The public debt limits are usually regulated by law and enforced by the central bank, which monitors the national level of indebtedness, acting as a government agent, especially when the debt is with a foreign element. Central governments can in the final instance monetise their debt, but this is not an option for local and other sub-national level governments. They are more treated similarly to private borrowers and they can do default on their debt. Sub-national governments are evaluated by private rating agencies and investors are interested in their standing, as the interest that they will pay will depend not only on inflation, maturing and also on the risk of default associated with a particular class of securities.
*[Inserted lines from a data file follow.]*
(* Let $R$ be a ring and let $a\in R$ be such that for some integer $n\geq 2$ the element $a^n$ is regular, i.e., $a^n=a^nba^n$ for some $b\in R$. Then there exists an idempotent $e\in aRa$ such that $(a(1-e))^n=0$; that is, $a$ is a D-regularly nil clean element of index at most $n$.
   Context: All rings are associative with identity $1\neq 0$. An element $a\in R$ is called D-regularly nil clean of index at most $k$ if there is an idempotent $e\in aRa$ with $(a(1-e))^k=0$. *)

From HB Require Import structures.
From mathcomp Require Import all_boot all_order all_algebra.
Set Implicit Arguments. Unset Strict Implicit. Unset Printing Implicit Defensive.
Import GRing.Theory.
Local Open Scope ring_scope.

Definition regular_elt (R : nzRingType) (x : R) : Prop :=
  exists b : R, x = x * b * x.

Definition DRNC_index_le (R : nzRingType) (a : R) (k : nat) : Prop :=
  exists e : R, (exists r : R, e = a * r * a) /\ e * e = e /\
                (a * (1 - e)) ^+ k = 0.

From HB Require Import structures.
From mathcomp Require Import all_boot all_order all_algebra.
From mathcomp Require Import zify.
Import GRing.Theory.
Local Open Scope ring_scope.

(* Take a reflexive inverse c of a^n (a^n c a^n = a^n, c a^n c = c) and
   e := a^(n-1) c a, an idempotent of aRa.  Moving a factor a^j from the
   right of 1 - a^k c a^(n-k) to its left lowers k by j, so
   (a(1-e))^n = a^n (1 - c a^n) X for some X, and a^n (1 - c a^n) = 0. *)

Lemma regular_reflexive_inverse (R : nzRingType) (x : R) :
  regular_elt x -> exists c : R, x * c * x = x /\ c * x * c = c.
Proof.
move=> [b xbx]; exists (b * x * b); split; first by rewrite !mulrA -!xbx.
have bxbx : b * x * b * x = b * x by rewrite -!mulrA [x * (b * x)]mulrA -xbx.
by rewrite !mulrA bxbx bxbx.
Qed.

Section SplitPower.
Variables (R : nzRingType) (a c : R) (n : nat).

Definition split_pow (k : nat) : R := a ^+ k * c * a ^+ (n - k).

Lemma subr_split_pow_mul_expr (k j : nat) : (j <= k <= n)%N ->
  (1 - split_pow k) * a ^+ j = a ^+ j * (1 - split_pow (k - j)).
Proof.
move=> /andP[jk kn]; rewrite mulrBl mulrBr mul1r mulr1 /split_pow.
rewrite -!mulrA -exprD !mulrA -exprD.
by rewrite (_ : n - k + j = n - (k - j))%N ?subnKC //; lia.
Qed.

Lemma expr_mul_subr_split_pow (m : nat) : (m < n)%N ->
  exists X, (a * (1 - split_pow n.-1)) ^+ m.+1
            = a ^+ m.+1 * (1 - split_pow (n.-1 - m)) * X.
Proof.
elim: m => [|m IHm] ltmn; first by exists 1; rewrite expr1 mulr1 subn0.
rewrite exprS.
have [X ->] := IHm (ltnW ltmn).
exists ((1 - split_pow (n.-1 - m)) * X).
rewrite !mulrA -(mulrA a) subr_split_pow_mul_expr; last by lia.
by rewrite (_ : n.-1 - m.+1 = n.-1 - m - 1)%N ?mulrA -?exprS //; lia.
Qed.

Lemma split_pow_idem (k : nat) : c * a ^+ n * c = c -> (k <= n)%N ->
  split_pow k * split_pow k = split_pow k.
Proof.
move=> cac kn; rewrite /split_pow -!mulrA (mulrA (a ^+ (n - k))) -exprD.
by rewrite subnK // !mulrA -(mulrA (a ^+ k) c) -(mulrA (a ^+ k) (c * _)) cac.
Qed.

Lemma split_pow_pred_nil : a ^+ n * c * a ^+ n = a ^+ n -> (0 < n)%N ->
  (a * (1 - split_pow n.-1)) ^+ n = 0.
Proof.
move=> aca n_gt0; have lt_pred_n : (n.-1 < n)%N by rewrite ltn_predL.
have [X] := expr_mul_subr_split_pow _ lt_pred_n.
rewrite prednK // => ->; rewrite subnn /split_pow subn0 expr0 mul1r.
by rewrite mulrBr mulr1 mulrA aca subrr mul0r.
Qed.

Lemma split_pow_pred_corner : (2 <= n)%N ->
  split_pow n.-1 = a * (a ^+ n.-2 * c) * a.
Proof.
move=> n_ge2; rewrite /split_pow (_ : n - n.-1 = 1)%N; last by lia.
by rewrite expr1 !mulrA -exprS (_ : n.-2.+1 = n.-1) //; lia.
Qed.

End SplitPower.

Arguments split_pow {R} a c n k.

Theorem proposition2p5 (R : nzRingType) (a : R) (n : nat) :
  (2 <= n)%N -> regular_elt (a ^+ n) -> DRNC_index_le a n.
Proof.
move=> n_ge2 /regular_reflexive_inverse[c [aca cac]].
exists (split_pow a c n n.-1); split; [|split].
- by exists (a ^+ n.-2 * c); apply: split_pow_pred_corner.
- by apply: split_pow_idem => //; lia.
- by apply: split_pow_pred_nil => //; lia.
Qed.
Although, traditionally the focus in the Western public finance (public financial management) literature has been on attracting funds through the issuance of securities, one should not neglect the classical loans and credits that commercial banks can extend to local governments. In fact, in most developing and transitional economies, this is the most preferred form of municipal debit.
 

The Group welcomes both theoretical and empirical work in local government debt management in CEECs and fSU countries and encourages submission by both academics and practitioners, being especially interested in joint work submitted in collaboration between academics and practitioners. The papers have to be up to 8,000 words long and comply with the general NISPAcee publication guidelines. It is expected that the output of the group with be an edited volume and a special issue of a learned journal.